## PROBLEM:
Please take the records that follow and repeat exactly the lines starting with the line with "Lemma C4_shape_properties : k" and going on through the line with "Theorem mainTheorem4 (T".

Saved data entries:
'''

Lemma regular_bipartite_crown : (0 < k)%N -> k.+1 = #|B| ->
  exists nu : T -> T, [/\ forall x, (nu x \in B) != (x \in B), involutive nu &
    forall x y, e x y = ((x \in B) != (y \in B)) && (y != nu x)].
Proof.
move=> k_gt0 kB; have [e_sym _] := e_simple.
pose D x := other_side x :\: [set y | e x y].
have card_D x : #|D x| == 1%N.
  rewrite cardsD (setIidPr (neighbours_other_side x)) card_other_side e_regular.
  by rewrite -card_sides_eq // if_same -kB subSnn.
pose nu x := odflt x [pick y in D x].
have D_nu x : D x = [set nu x].
  have [y Dy] := cards1P (card_D x); rewrite /nu Dy.
  by case: pickP => [z /set1P -> // | /(_ y)]; rewrite set11.
have nuP x y : (y \in B) != (x \in B) -> ~~ e x y = (y == nu x).
  by move=> yx; rewrite -in_set1 -D_nu !inE yx andbT.
have nu_side x : (nu x \in B) != (x \in B).
  have : nu x \in D x by rewrite D_nu set11.
  by rewrite !inE => /andP [].
have nu_inv : involutive nu.
  move=> x; apply/eqP; rewrite eq_sym -nuP; last by rewrite eq_sym.
  by rewrite e_sym nuP // eqxx.
exists nu; split=> // x y.
have [xy|xy] := eqVneq (x \in B) (y \in B); last by rewrite -nuP ?negbK // eq_sym.
by apply/negbTE/negP => /e_bip; rewrite xy eqxx.
Qed.

Lemma energy_compl_eqP :
  energy e = energy (compl_graph e) <->
  (2 * #|T|)%:R + \sum_(z <- spectrum e) energy_defect z = (4 * k.+1)%:R.
Proof.
have kS := degree_in_spectrum e_simple e_regular T_gt0.
set S := spectrum e; set a := \sum_(z <- S) `|1 + z|.
have sum_1_sub : \sum_(z <- S) `|1 - z| = a.
  rewrite (perm_big _ (perm_spectrum_opp e_simple e_bip)) big_map.
  by apply: eq_bigr => z _; rewrite opprK.
have compl_top : #|T|%:R - 1 - k%:R = (#|T| - k.+1)%:R :> algC.
  by rewrite natrB ?(degree_lt_card e_simple e_regular T_gt0) // mulrS; ring.
have energy_compl : energy (compl_graph e) = #|T|%:R - 1 - k%:R + a - (1 + k%:R).
  rewrite /energy (perm_big _ (spectrum_compl e_simple e_regular T_gt0)) big_cons /=.
  rewrite big_map compl_top normr_nat -compl_top /a (perm_big _ (perm_to_rem kS)) big_cons /=.
  rewrite [`|1 + k%:R|]ger0_norm ?addr_ge0 ?ler01 ?ler0n //.
  under eq_bigr do rewrite -normrN opprB opprK addrC.
  by ring.
have key : (energy (compl_graph e) - energy e) *+ 2 =
    (2 * #|T|)%:R + \sum_(z <- S) energy_defect z - (4 * k.+1)%:R.
  rewrite /energy_defect !sumrB big_split /= sum_1_sub -mulr_sumr energy_compl.
  by rewrite -/S -/a /energy !natrM mulrS; ring.
split=> [E|E]; first by apply/eqP; rewrite -subr_eq0 -key E subrr mul0rn.
have : (energy (compl_graph e) - energy e) *+ 2 == 0 by rewrite key E subrr.
by rewrite mulrn_eq0 /= subr_eq0 eq_sym => /eqP.
Qed.

Lemma energy_compl_eq_crown_or_C4_shape : (1 < #|T|)%N ->
  energy e = energy (compl_graph e) -> crown_or_C4_shape #|T| k.
Proof.
move=> T_gt1 /energy_compl_eqP.
have card_T := card_regular_bipartite.
set n := #|T| in T_gt1 card_T *.
have [k0|k_gt0] := posnP k.
  have kS := degree_in_spectrum e_simple e_regular T_gt0.
  rewrite (perm_big _ (perm_to_rem kS)) big_cons /= k0 energy_defect0 addrA -natrD.
  by move/(natr_addr_ge0_eq_leq (sum_energy_defect_ge0 _)) => ?; exfalso; lia.
move/(_ k_gt0) in card_T.
have [k_lt|[kB|kB]] : (k.+2 <= #|B|)%N \/ k.+1 = #|B| \/ k = #|B|.
  by have := degree_le_side k_gt0; lia.
- by move/(natr_addr_ge0_eq_leq (sum_energy_defect_ge0 _)) => ?; exfalso; lia.
- by left; split=> //; lia.
have e_complete := regular_bipartite_complete k_gt0 kB.
have card_CB : #|~: B| = k by rewrite -(card_sides_eq k_gt0).
move: (complete_bipartite_defect_sum e_complete (esym kB) card_CB k_gt0) => sum_defect E.
have : (2 * #|T| + 4 * k)%:R = (4 * k.+1 + 4)%:R :> algC.
  by rewrite natrD [in RHS]natrD -E -sum_defect; ring.
by move/eqP; rewrite eqr_nat => /eqP; right; lia.
Qed.

Lemma iso_crown_or_C4_shape :
  graph_iso e C4 \/ (exists t, (2 <= t)%N /\ graph_iso e (crown t)) ->
  crown_or_C4_shape #|T| k.
Proof.
have [x0 _] := card_gt0P T_gt0.
case=> [iso | [t [t_ge2 iso]]].
  have [deg card_T] := graph_iso_regular iso C4_regular.
  by right; rewrite -(e_regular x0) deg card_T card_ord.
have [deg card_T] := graph_iso_regular iso (@crown_regular t).
left; rewrite -(e_regular x0) deg card_T card_prod card_bool card_ord; lia.
Qed.

Lemma crown_shape_properties : (0 < k)%N -> #|T| = (2 * k.+1)%N ->
  [/\ energy e = energy (compl_graph e),
      exists t, (2 <= t)%N /\ graph_iso e (crown t),
      integral_graph e, integral_graph (compl_graph e)
    & ~ isospectral e (compl_graph e)].
Proof.
move=> k_gt0 card_T.
have kB : k.+1 = #|B|.
  by have := card_regular_bipartite k_gt0; rewrite card_T; lia.
have card_CB : #|~: B| = k.+1 by rewrite -(card_sides_eq k_gt0).
have [nu [nu_side nu_inv e_crown]] := regular_bipartite_crown k_gt0 kB.
have eig z : z \in spectrum e -> z \in [:: 1; -1; k%:R; - k%:R].
  move/(crown_eigen nu_side nu_inv e_crown (esym kB) card_CB).
  have -> : k.+1%:R - 1 = k%:R :> algC by rewrite mulrS addrC addrK.
  have -> : 1 - k.+1%:R = - k%:R :> algC by rewrite mulrS opprD addNKr.
  by rewrite !inE.
have defect_sum0 : \sum_(z <- spectrum e) energy_defect z = 0.
  have defect1 : energy_defect 1 = 0 := energy_defect_nat (ltn0Sn 0).
  rewrite big_seq big1 // => z /eig; rewrite !inE => /or4P [] /eqP ->;
    by rewrite ?energy_defectN ?defect1 ?energy_defect_nat.
have e_int : integral_graph e.
  by apply/allP => z /eig; rewrite !inE => /or4P [] /eqP ->; rewrite ?rpredN ?rpred1 ?natr_int.
split=> //.
- by apply/energy_compl_eqP; rewrite defect_sum0 addr0 card_T mulnA.
- by exists k.+1; split; [lia | apply: crown_iso nu_side nu_inv e_crown (esym kB) card_CB _].
- exact: integral_compl.
apply: not_isospectral_compl => //; apply/negP => /eig.
rewrite (_ : _ - 1 - _ = k.+1%:R); last by rewrite card_T natrM !mulrS; ring.
rewrite !inE -[1]/(1%:R) !eqr_nat !eqr_natN.
by case/or4P => /eqP; lia.
Qed.

Lemma C4_shape_properties : k = 2%N -> #|T| = 4%N ->
  [/\ energy e = energy (compl_graph e), graph_iso e C4,
      integral_graph e, integral_graph (compl_graph e)
    & ~ isospectral e (compl_graph e)].
Proof.
move=> k2 card_T; have k_gt0 : (0 < k)%N by rewrite k2.
have kB : k = #|B|.
  by have := card_regular_bipartite k_gt0; rewrite card_T; lia.
have card_CB : #|~: B| = k by rewrite -(card_sides_eq k_gt0).
have e_complete := regular_bipartite_complete k_gt0 kB.
have eig z : z \in spectrum e -> z \in [:: 0; 2; -2].
  by move/(complete_bipartite_eigen e_complete (esym kB) card_CB); rewrite k2 !inE.
have e_int : integral_graph e.
  by apply/allP => z /eig; rewrite !inE => /or3P [] /eqP ->; rewrite ?rpredN ?rpred0 ?natr_int.
split=> //.
- apply/energy_compl_eqP; apply: (addIr (4 : algC)).
  rewrite -addrA (complete_bipartite_defect_sum e_complete (esym kB) card_CB k_gt0).
  by rewrite card_T k2 -!natrD.
- exact: complete_bipartite_iso_C4 e_complete (esym kB) card_CB k2.
- exact: integral_compl.
apply: not_isospectral_compl => //; apply/negP => /eig.
rewrite card_T k2 (_ : _ - 1 - _ = 1); last by ring.
by rewrite !inE oner_eq0 -[1]/(1%:R) eqr_nat eqr_natN.
Qed.

End RegularBipartite.

Theorem mainTheorem4 (T : finType) (e : rel T) :
  simple_graph e -> (2 <= #|T|)%N -> regular_graph e -> bipartite_graph e ->
  ((energy e = energy (compl_graph e)) <->
     (graph_iso e C4 \/ exists t : nat, (2 <= t)%N /\ graph_iso e (crown t)))
  /\
  ((graph_iso e C4 \/ exists t : nat, (2 <= t)%N /\ graph_iso e (crown t)) ->
     [/\ integral_graph e, integral_graph (compl_graph e)
       & ~ isospectral e (compl_graph e)]).
Proof.
move=> e_simple T_ge2 [k e_reg] [B e_bip].
have T_gt0 : (0 < #|T|)%N by apply: leq_trans T_ge2.
have E_shape := energy_compl_eq_crown_or_C4_shape e_simple e_reg e_bip T_gt0 T_ge2.
have P_shape := iso_crown_or_C4_shape e_reg T_gt0.
have shape_props : crown_or_C4_shape #|T| k ->
    [/\ energy e = energy (compl_graph e),
        graph_iso e C4 \/ exists t : nat, (2 <= t)%N /\ graph_iso e (crown t)
      & [/\ integral_graph e, integral_graph (compl_graph e)
          & ~ isospectral e (compl_graph e)]].
  case=> [[k_gt0 card_T] | [k2 card_T]].
    have [] := crown_shape_properties e_simple e_reg e_bip T_gt0 k_gt0 card_T.
    by split=> //; right.
  have [] := C4_shape_properties e_simple e_reg e_bip T_gt0 k2 card_T.
  by split=> //; left.
split; first by split=> [/E_shape | /P_shape] /shape_props [].
by move=> /P_shape /shape_props [].
Qed.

'''

## WRITTEN ANSWER:
Lemma C4_shape_properties : k = 2%N -> #|T| = 4%N ->
  [/\ energy e = energy (compl_graph e), graph_iso e C4,
      integral_graph e, integral_graph (compl_graph e)
    & ~ isospectral e (compl_graph e)].
Proof.
move=> k2 card_T; have k_gt0 : (0 < k)%N by rewrite k2.
have kB : k = #|B|.
  by have := card_regular_bipartite k_gt0; rewrite card_T; lia.
have card_CB : #|~: B| = k by rewrite -(card_sides_eq k_gt0).
have e_complete := regular_bipartite_complete k_gt0 kB.
have eig z : z \in spectrum e -> z \in [:: 0; 2; -2].
  by move/(complete_bipartite_eigen e_complete (esym kB) card_CB); rewrite k2 !inE.
have e_int : integral_graph e.
  by apply/allP => z /eig; rewrite !inE => /or3P [] /eqP ->; rewrite ?rpredN ?rpred0 ?natr_int.
split=> //.
- apply/energy_compl_eqP; apply: (addIr (4 : algC)).
  rewrite -addrA (complete_bipartite_defect_sum e_complete (esym kB) card_CB k_gt0).
  by rewrite card_T k2 -!natrD.
- exact: complete_bipartite_iso_C4 e_complete (esym kB) card_CB k2.
- exact: integral_compl.
apply: not_isospectral_compl => //; apply/negP => /eig.
rewrite card_T k2 (_ : _ - 1 - _ = 1); last by ring.
by rewrite !inE oner_eq0 -[1]/(1%:R) eqr_nat eqr_natN.
Qed.

End RegularBipartite.

Theorem mainTheorem4 (T : finType) (e : rel T) :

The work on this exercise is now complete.